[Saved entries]
Lemma bernE l I : bern l I = bernk l #|I|.
Proof.
rewrite /bern (bigID (mem I)) /= (eq_bigr (fun=> l)) => [|j ->//].
rewrite [X in _ * X](eq_bigr (fun=> 1 - l)) => [|j jI]; last by rewrite (negbTE jI).
rewrite !prodr_const /bernk -(cardsC I) addKn.
by congr (_ * _ ^+ _); apply: eq_card => j; rewrite !inE.
Qed.

Lemma sum_bern l : \sum_I bern l I = 1.
Proof.
rewrite -(@bigA_distr R 0 1 *%R +%R T (fun=> l) (fun=> 1 - l)) /=.
by rewrite big1 // => j _; rewrite subrKC.
Qed.

Lemma sum_bern_mem l j : \sum_I bern l I * (j \in I)%:R = l.
Proof.
have := @bigA_distr R 0 1 *%R +%R T (fun=> l) (fun k => if k == j then 0 else 1 - l).
rewrite (bigD1 j) //= eqxx addr0 big1 => [|k /negbTE->]; last by rewrite subrKC.
rewrite mulr1 => E; rewrite [RHS]E; apply: eq_bigr => I _; rewrite /bern.
have [jI|jI] := boolP (j \in I); last by rewrite mulr0 (bigD1 j) //= (negbTE jI) eqxx mul0r.
by rewrite mulr1; apply: eq_bigr => k _; case: eqP => [->|]; rewrite ?jI.
Qed.

Lemma sum_bern0 (F : {set T} -> R) : \sum_I bern 0 I * F I = F set0.
Proof.
rewrite (bigD1 set0) //= big1 => [|I nI].
  by rewrite /bern big1 ?mul1r ?addr0 // => j; rewrite inE subr0.
by have [j jI] := set0Pn _ nI; rewrite /bern (bigD1 j) //= jI !mul0r.
Qed.

Lemma setD1_notin (i : T) I : i \notin I -> I :\ i = I.
Proof. by move=> iI; apply/setDidPl; rewrite disjoint_sym disjoints1. Qed.

Lemma big_set_setU1 (i : T) (h : {set T} -> R) :
  \sum_(I : {set T}) h I = \sum_(I : {set T} | i \notin I) (h I + h (i |: I)).
Proof.
rewrite (bigID (fun I : {set T} => i \in I)) /= addrC big_split /=; congr (_ + _).
rewrite (reindex_onto (fun I : {set T} => i |: I) (fun I : {set T} => I :\ i)); last first.
  by move=> I; apply: setD1K.
apply: eq_bigl => I; rewrite setU11 /=; apply/eqP/idP => [<-|iI]; last exact: setU1K.
by rewrite !inE eqxx.
Qed.

Lemma sum_bern_setD1 l i m (X : {set T} -> R) :
  \sum_I bern l I * ((#|I :\ i| == m)%:R * X (I :\ i)) =
  (bernk l m + bernk l m.+1) * \sum_(J : {set T} | (i \notin J) && (#|J| == m)) X J.
Proof.
rewrite (big_set_setU1 i) big_mkcondr mulr_sumr; apply: eq_bigr => I iI.
rewrite setU1K // (setD1_notin iI) !bernE cardsU1 iI add1n.
by case: eqP => [->|_]; rewrite ?mul0r ?mulr0 ?addr0 // !mul1r mulrDl.
Qed.

Lemma sum_bern_notin_setD1 l i m (X : {set T} -> R) :
  \sum_I bern l I * (((i \notin I) && (#|I :\ i| == m))%:R * X (I :\ i)) =
  bernk l m * \sum_(J : {set T} | (i \notin J) && (#|J| == m)) X J.
Proof.
rewrite (big_set_setU1 i) big_mkcondr mulr_sumr; apply: eq_bigr => I iI.
rewrite setU11 mul0r mulr0 addr0 iI (setD1_notin iI) bernE.
by case: eqP => [->|_]; rewrite ?mul0r ?mulr0 // !mul1r.
Qed.

End BernoulliSets.

Lemma bernk_gt0 (T : finType) (R : numDomainType) (l : R) k : 0 < l < 1 -> 0 < bernk T l k.
Proof. by case/andP=> l0 l1; rewrite /bernk mulr_gt0 ?exprn_gt0 ?subr_gt0. Qed.

Lemma div_mul2l (F : fieldType) (c a b : F) : c != 0 -> c * a / (c * b) = a / b.
Proof. by move=> c0; rewrite -mulf_div divff ?mul1r. Qed.

Lemma tperm_invariant_card (T : finType) (U : Type) (i : T) (Q : {set T} -> U) :
    (forall a b (A : {set T}), a != i -> b != i -> Q (tperm a b @^-1: A) = Q A) ->
  forall A B : {set T}, i \notin A -> i \notin B -> #|A| = #|B| -> Q A = Q B.
Proof.
move=> Qtperm A B; move Hk: #|A :\: B| => k.
elim: k A Hk => [|k IHk] A Hk iA iB cAB.
  have sAB : A \subset B by rewrite -setD_eq0 -cards_eq0 Hk.
  by congr Q; apply/eqP; rewrite eqEcard sAB cAB leqnn.
have cBA : #|B :\: A| = k.+1.
  by apply/eqP; rewrite -(eqn_add2l #|B :&: A|) cardsID setIC -Hk cardsID cAB.
have [a /setDP[aA aB]] : exists a, a \in A :\: B by apply/set0Pn; rewrite -card_gt0 Hk.
have [b /setDP[bB bA]] : exists b, b \in B :\: A by apply/set0Pn; rewrite -card_gt0 cBA.
have ai : a != i by apply: contraNneq iA => <-.
have bi : b != i by apply: contraNneq iB => <-.
rewrite -(Qtperm a b A ai bi); apply: IHk => //.
- have -> : tperm a b @^-1: A :\: B = (A :\: B) :\ a.
    apply/setP => x; rewrite !inE.
    case: tpermP => [->|->|/eqP/negbTE-> _]; rewrite ?eqxx ?(negbTE bA) ?(negbTE aB) ?bB ?andbF //.
  by have := cardsD1 a (A :\: B); rewrite inE aA aB Hk add1n => -[].
- by rewrite inE tpermD // eq_sym.
- by rewrite card_preimset //; apply: perm_inj.
Qed.

Section Voting.
Variables (R : realFieldType) (tau : nat) (Vt : finType) (K : nat) (Vd : Vt -> R).

Local Notation nv := (tau.*2.+1).
Local Notation voter := 'I_nv.
Local Notation Sig := 'I_K.+1.
Local Notation s0 := (ord0 : Sig).
Local Notation sigs := {ffun voter -> Sig}.
Local Notation Omega := ({ffun voter -> Vt} * {ffun voter -> Sig})%type.
Local Notation allinf := (@allinf tau Vt K).

Implicit Types (l : R) (P : Omega -> R) (w : Omega) (s : sigs) (A I J U : {set voter})
  (i j : voter) (k : Sig) (g m : nat).

Definition sig_upd s i k : sigs := [ffun j => if j == i then k else s j].

Definition restr s I : sigs := [ffun j => if j \in I then s j else s0].

Lemma Cset_allinf s s' : Cset s s' -> [forall j, s' j != s0].
Proof. by case/andP. Qed.

Lemma Cset_sig_upd s i k s' : s i = s0 -> k != s0 ->
  Cset (sig_upd s i k) s' = Cset s s' && (s' i == k).
Proof.
move=> si k0; rewrite /Cset /= -andbA; congr (_ && _).
apply/forallP/andP => [Hupd|[/forallP Hs /eqP <-]].
  have := Hupd i; rewrite !inE !ffunE eqxx k0 /= => ski; split=> //.
  apply/forallP => j; have := Hupd j; rewrite !inE !ffunE.
  by case: (eqVneq j i) => [->|//]; rewrite si eqxx.
move=> j; rewrite inE !ffunE; case: (eqVneq j i) => [->|_]; first by rewrite eqxx implybT.
by have := Hs j; rewrite inE.
Qed.

Lemma big_Cset_sig_upd s i (F : sigs -> R) : s i = s0 ->
  \sum_(s' | Cset s s') F s' = \sum_(k | k != s0) \sum_(s' | Cset (sig_upd s i k) s') F s'.
Proof.
move=> si; rewrite (partition_big (fun s' : sigs => s' i) (fun k => k != s0)).
  by apply: eq_bigr => k k0; apply: eq_bigl => s'; rewrite Cset_sig_upd.
by move=> s' /Cset_allinf/forallP.
Qed.

Lemma uninformed_sig_upd s i k : s i = s0 -> k != s0 ->
  ~: informed (sig_upd s i k) = (~: informed s) :\ i.
Proof.
move=> si k0; apply/setP => j; rewrite !inE !ffunE.
by case: (eqVneq j i) => [->|_]; rewrite ?k0 ?si ?eqxx.
Qed.

Lemma Cset_full s s' : ~: informed s = set0 -> Cset s s' = (s' == s).
Proof.
move=> /setP full.
have s_inf j : s j != s0 by have := full j; rewrite !inE negbK => ->.
apply/andP/eqP => [[_ /forallP Hs]|->].
  by apply/ffunP => j; have := Hs j; rewrite inE s_inf => /eqP.
by split; apply/forallP => j; rewrite ?s_inf ?eqxx ?implybT.
Qed.

Lemma informed_restr s' I : [forall j, s' j != s0] -> informed (restr s' I) = I.
Proof.
move=> /forallP s'_inf; apply/setP => j; rewrite !inE ffunE.
by case: (j \in I); rewrite ?s'_inf ?eqxx.
Qed.

Lemma restr_eq_s0 s' I j : [forall j, s' j != s0] -> (restr s' I j == s0) = (j \notin I).
Proof. by move=> /(informed_restr I)/setP/(_ j); rewrite !inE => <-; rewrite negbK. Qed.
(* Let $n\in\mathbb{N}$, $n\geq 2$, let $l\in(0,\frac{2}{n})$ and let $\alpha$ satisfy $\frac{2}{n}\leq\alpha<1+\frac{1}{n}-\frac{l}{2}$. Then there exist $\theta$ with $1<\theta<\frac{n}{n-2}$ and $\mu>\frac{n}{2}$ such that $$\frac{l(2\mu-1)}{4\mu-n}<\frac{n(\theta+1-2\alpha\theta)+2\theta}{2n\theta+n^2-n^2\theta}.$$
   Context: For $n=2$ the condition $1<\theta<\frac{n}{n-2}$ is understood as $\theta>1$. *)

From Stdlib Require Import Reals.
Open Scope R_scope.

(* The condition 1 < theta < n/(n-2), where for n = 2 the upper bound is
   void (convention from the paper). *)
Definition theta_admissible (n : nat) (theta : R) : Prop :=
  1 < theta /\ ((n = 2%nat) \/ theta < INR n / (INR n - 2)).

(* Let d := 1 + 1/n - alpha - l/2 > 0 be the slack in the hypothesis on alpha.
   As mu grows the left-hand side tends to l/2, while at theta = 1 the
   right-hand side equals l/2 + d.  The midpoint (l + d)/2 separates the two
   sides for mu = n (l + d)/d and theta = 1 + d/n; this theta lies below
   n/(n-2) because d < 1. *)

From Stdlib Require Import Reals Lra Psatz.
From Coquelicot Require Import Rcomplements.
Open Scope R_scope.

Lemma lhs_lt_half_add (l d N mu : R) :
  0 <= l -> N < 4 * mu -> (l + d) * N < 4 * d * mu ->
  l * (2 * mu - 1) / (4 * mu - N) < (l + d) / 2.
Proof.
  intros Hl HN Hmu.
  apply Rlt_div_l; lra.
Qed.

Lemma half_add_lt_rhs (N l d alpha eps : R) :
  2 <= N -> 0 <= l -> 0 < eps < d -> (N - 2) * eps < 2 ->
  alpha = 1 + 1 / N - l / 2 - d ->
  (l + d) / 2 <
  (N * (1 + eps + 1 - 2 * alpha * (1 + eps)) + 2 * (1 + eps)) /
  (2 * N * (1 + eps) + N ^ 2 - N ^ 2 * (1 + eps)).
Proof.
  intros HN Hl [Heps Hepsd] Hden Halpha.
  assert (Hnum : N * (1 + eps + 1 - 2 * alpha * (1 + eps)) + 2 * (1 + eps)
                 = N * (l + 2 * d + eps * (l + 2 * d - 1))).
  { subst alpha. field. lra. }
  rewrite Hnum.
  replace (2 * N * (1 + eps) + N ^ 2 - N ^ 2 * (1 + eps))
    with (N * (2 - (N - 2) * eps)) by ring.
  apply (Rlt_div_r _ _ (N * (2 - (N - 2) * eps))); [nra |].
  replace ((l + d) / 2 * (N * (2 - (N - 2) * eps)))
    with (N * ((l + d) / 2 * (2 - (N - 2) * eps))) by field.
  apply Rmult_lt_compat_l; [lra |].
  (* After expanding, the difference of the two sides is at least d - eps. *)
  assert (0 <= (l + d) * (N - 2) * eps) by (apply Rmult_le_pos; nra).
  nra.
Qed.

Lemma theta_admissible_one_add (n : nat) (eps : R) :
  (2 <= n)%nat -> 0 < eps -> (INR n - 2) * eps < 2 ->
  theta_admissible n (1 + eps).
Proof.
  intros Hn Heps Hbound.
  split; [lra |].
  destruct (Nat.eq_dec n 2) as [-> | Hn2]; [now left | right].
  assert (HN : 3 <= INR n) by (replace 3 with (INR 3) by (simpl; lra); apply le_INR; lia).
  apply Rlt_div_r; lra.
Qed.

Theorem lemma4p4 (n : nat) (l alpha : R) :
  (2 <= n)%nat ->
  0 < l -> l < 2 / INR n ->
  2 / INR n <= alpha -> alpha < 1 + 1 / INR n - l / 2 ->
  exists theta mu : R,
    theta_admissible n theta /\ INR n / 2 < mu /\
    l * (2 * mu - 1) / (4 * mu - INR n) <
    (INR n * (theta + 1 - 2 * alpha * theta) + 2 * theta) /
    (2 * INR n * theta + INR n ^ 2 - INR n ^ 2 * theta).
Proof.
  intros Hn Hl _ Halpha_lo Halpha_hi.
  assert (HN : 2 <= INR n) by (replace 2 with (INR 2) by (simpl; lra); apply le_INR; lia).
  set (N := INR n) in *.
  set (d := 1 + 1 / N - alpha - l / 2).
  assert (Hd : 0 < d) by (unfold d; lra).
  assert (Hd1 : d < 1).
  { unfold d. assert (2 / N = 2 * (1 / N)) by (field; lra).
    assert (0 < 1 / N) by (apply Rdiv_lt_0_compat; lra). lra. }
  set (eps := d / N).
  assert (Heps : eps * N = d) by (unfold eps; field; lra).
  assert (Heps_pos : 0 < eps) by (apply Rdiv_lt_0_compat; lra).
  assert (Heps_lt_d : eps < d) by nra.
  assert (Heps_bound : (N - 2) * eps < 2) by nra.
  set (mu := N * (l + d) / d).
  assert (Hmu : d * mu = N * (l + d)) by (unfold mu; field; lra).
  exists (1 + eps), mu.
  split; [| split].
  - now apply theta_admissible_one_add.
  - nra.
  - apply Rlt_trans with ((l + d) / 2).
    + apply lhs_lt_half_add; nra.
    + apply half_add_lt_rhs with (d := d); try lra.
      unfold d; ring.
Qed.
(* eps (x) Id  and  Id (x) eps, using K (x) H = H = H (x) K *)
Definition EpsId (u : H2 K) : H K :=
  lext (fun k : forest * forest => eps (fb k.1) *: fb k.2) u.
Definition IdEps (u : H2 K) : H K :=
  lext (fun k : forest * forest => eps (fb k.2) *: fb k.1) u.

Definition DeltaSpec (D : {linear H K -> H2 K}) : Prop :=
  [/\ D 1 = tens 1 1,
      forall a b, D (a * b) = mulE (D a) (D b) &
      forall a, D (Bplus a) = IdBplus (D a) + BplusNuEps (D a)].

End Ops.

(* The ε-product on H ⊗ H expands as
     u ·ε v = u (1 ⊗ (ε⊗Id) v) + ((Id⊗ε) u ⊗ 1) v − (Id⊗ε) u ⊗ (ε⊗Id) v,
   so for a counital Δ, multiplicativity for ·ε is the infinitesimal rule
     Δ(t F) = Δ(t) (1 ⊗ F) + (t ⊗ 1) Δ(F) − t ⊗ F.
   We therefore define Δ on basis forests by Δ(1) = 1 ⊗ 1, this rule, and the
   B⁺-relation on trees, and prove by induction on forests that it is counital;
   the expansion then gives multiplicativity (existence), uniqueness and the
   infinitesimal rule.  Coassociativity and homogeneity follow by induction along
   the same recursion, using counitality to rewrite (B⁺ ⊗ ν∘ε) Δ(F) as B⁺F ⊗ 1. *)

From HB Require Import structures.
From mathcomp Require Import all_boot all_algebra.
From mathcomp Require Import finmap.
From mathcomp.multinomials Require Import monalg.

Set Implicit Arguments.
Unset Strict Implicit.
Unset Printing Implicit Defensive.
Import GRing.Theory.
Local Open Scope ring_scope.

Section LinearExtension.
Variable K : fieldType.
Variables A B : choiceType.
Implicit Types (f g : A -> {malg K[B]}) (u : {malg K[A]}).

Lemma lextEw f u (d : {fset A}) :
  (msupp u `<=` d)%fset -> lext f u = \sum_(k <- d) u@_k *: f k.
Proof.
move=> le; rewrite /lext (big_fset_incl _ le) //= => x _ /mcoeff_outdom ->.
by rewrite scale0r.
Qed.

Lemma lext_is_linear f : linear (lext f).
Proof.
move=> c u v; pose d := (msupp u `|` msupp v `|` msupp (c *: u + v))%fset.
have du : (msupp u `<=` d)%fset by rewrite /d -fsetUA fsubsetUl.
have dv : (msupp v `<=` d)%fset by rewrite /d -fsetUA fsubsetU // fsubsetUl orbT.
have duv : (msupp (c *: u + v) `<=` d)%fset by rewrite /d fsubsetUr.
rewrite (lextEw _ du) (lextEw _ dv) (lextEw _ duv) scaler_sumr -big_split /=.
by apply: eq_bigr => k _; rewrite mcoeffD mcoeffZ scalerDl scalerA.
Qed.

HB.instance Definition _ f :=
  GRing.isLinear.Build K {malg K[A]} {malg K[B]} *:%R (lext f) (lext_is_linear f).

Lemma malgUZ (c : K) (k : A) : << c *g k >> = c *: (<< k >> : {malg K[A]}).
Proof. by apply/malgP => k'; rewrite mcoeffZ !mcoeffU mulr_natr. Qed.

Lemma lextU f (c : K) (k : A) : lext f << c *g k >> = c *: f k.
Proof. by rewrite (lextEw _ msuppU_le) big_seq_fset1 mcoeffUU. Qed.

Lemma lextU1 f (k : A) : lext f << k >> = f k.
Proof. by rewrite lextU scale1r. Qed.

## WHAT TO WORK ON
Copy exactly the stretch of data above from the line with "theta_admissible n theta" through the line with "Δ(t F) = Δ(t)", and omit all other lines.

## TASK RESULT
    theta_admissible n theta /\ INR n / 2 < mu /\
    l * (2 * mu - 1) / (4 * mu - INR n) <
    (INR n * (theta + 1 - 2 * alpha * theta) + 2 * theta) /
    (2 * INR n * theta + INR n ^ 2 - INR n ^ 2 * theta).
Proof.
  intros Hn Hl _ Halpha_lo Halpha_hi.
  assert (HN : 2 <= INR n) by (replace 2 with (INR 2) by (simpl; lra); apply le_INR; lia).
  set (N := INR n) in *.
  set (d := 1 + 1 / N - alpha - l / 2).
  assert (Hd : 0 < d) by (unfold d; lra).
  assert (Hd1 : d < 1).
  { unfold d. assert (2 / N = 2 * (1 / N)) by (field; lra).
    assert (0 < 1 / N) by (apply Rdiv_lt_0_compat; lra). lra. }
  set (eps := d / N).
  assert (Heps : eps * N = d) by (unfold eps; field; lra).
  assert (Heps_pos : 0 < eps) by (apply Rdiv_lt_0_compat; lra).
  assert (Heps_lt_d : eps < d) by nra.
  assert (Heps_bound : (N - 2) * eps < 2) by nra.
  set (mu := N * (l + d) / d).
  assert (Hmu : d * mu = N * (l + d)) by (unfold mu; field; lra).
  exists (1 + eps), mu.
  split; [| split].
  - now apply theta_admissible_one_add.
  - nra.
  - apply Rlt_trans with ((l + d) / 2).
    + apply lhs_lt_half_add; nra.
    + apply half_add_lt_rhs with (d := d); try lra.
      unfold d; ring.
Qed.
(* eps (x) Id  and  Id (x) eps, using K (x) H = H = H (x) K *)
Definition EpsId (u : H2 K) : H K :=
  lext (fun k : forest * forest => eps (fb k.1) *: fb k.2) u.
Definition IdEps (u : H2 K) : H K :=
  lext (fun k : forest * forest => eps (fb k.2) *: fb k.1) u.

Definition DeltaSpec (D : {linear H K -> H2 K}) : Prop :=
  [/\ D 1 = tens 1 1,
      forall a b, D (a * b) = mulE (D a) (D b) &
      forall a, D (Bplus a) = IdBplus (D a) + BplusNuEps (D a)].

End Ops.

(* The ε-product on H ⊗ H expands as
     u ·ε v = u (1 ⊗ (ε⊗Id) v) + ((Id⊗ε) u ⊗ 1) v − (Id⊗ε) u ⊗ (ε⊗Id) v,
   so for a counital Δ, multiplicativity for ·ε is the infinitesimal rule
     Δ(t F) = Δ(t) (1 ⊗ F) + (t ⊗ 1) Δ(F) − t ⊗ F.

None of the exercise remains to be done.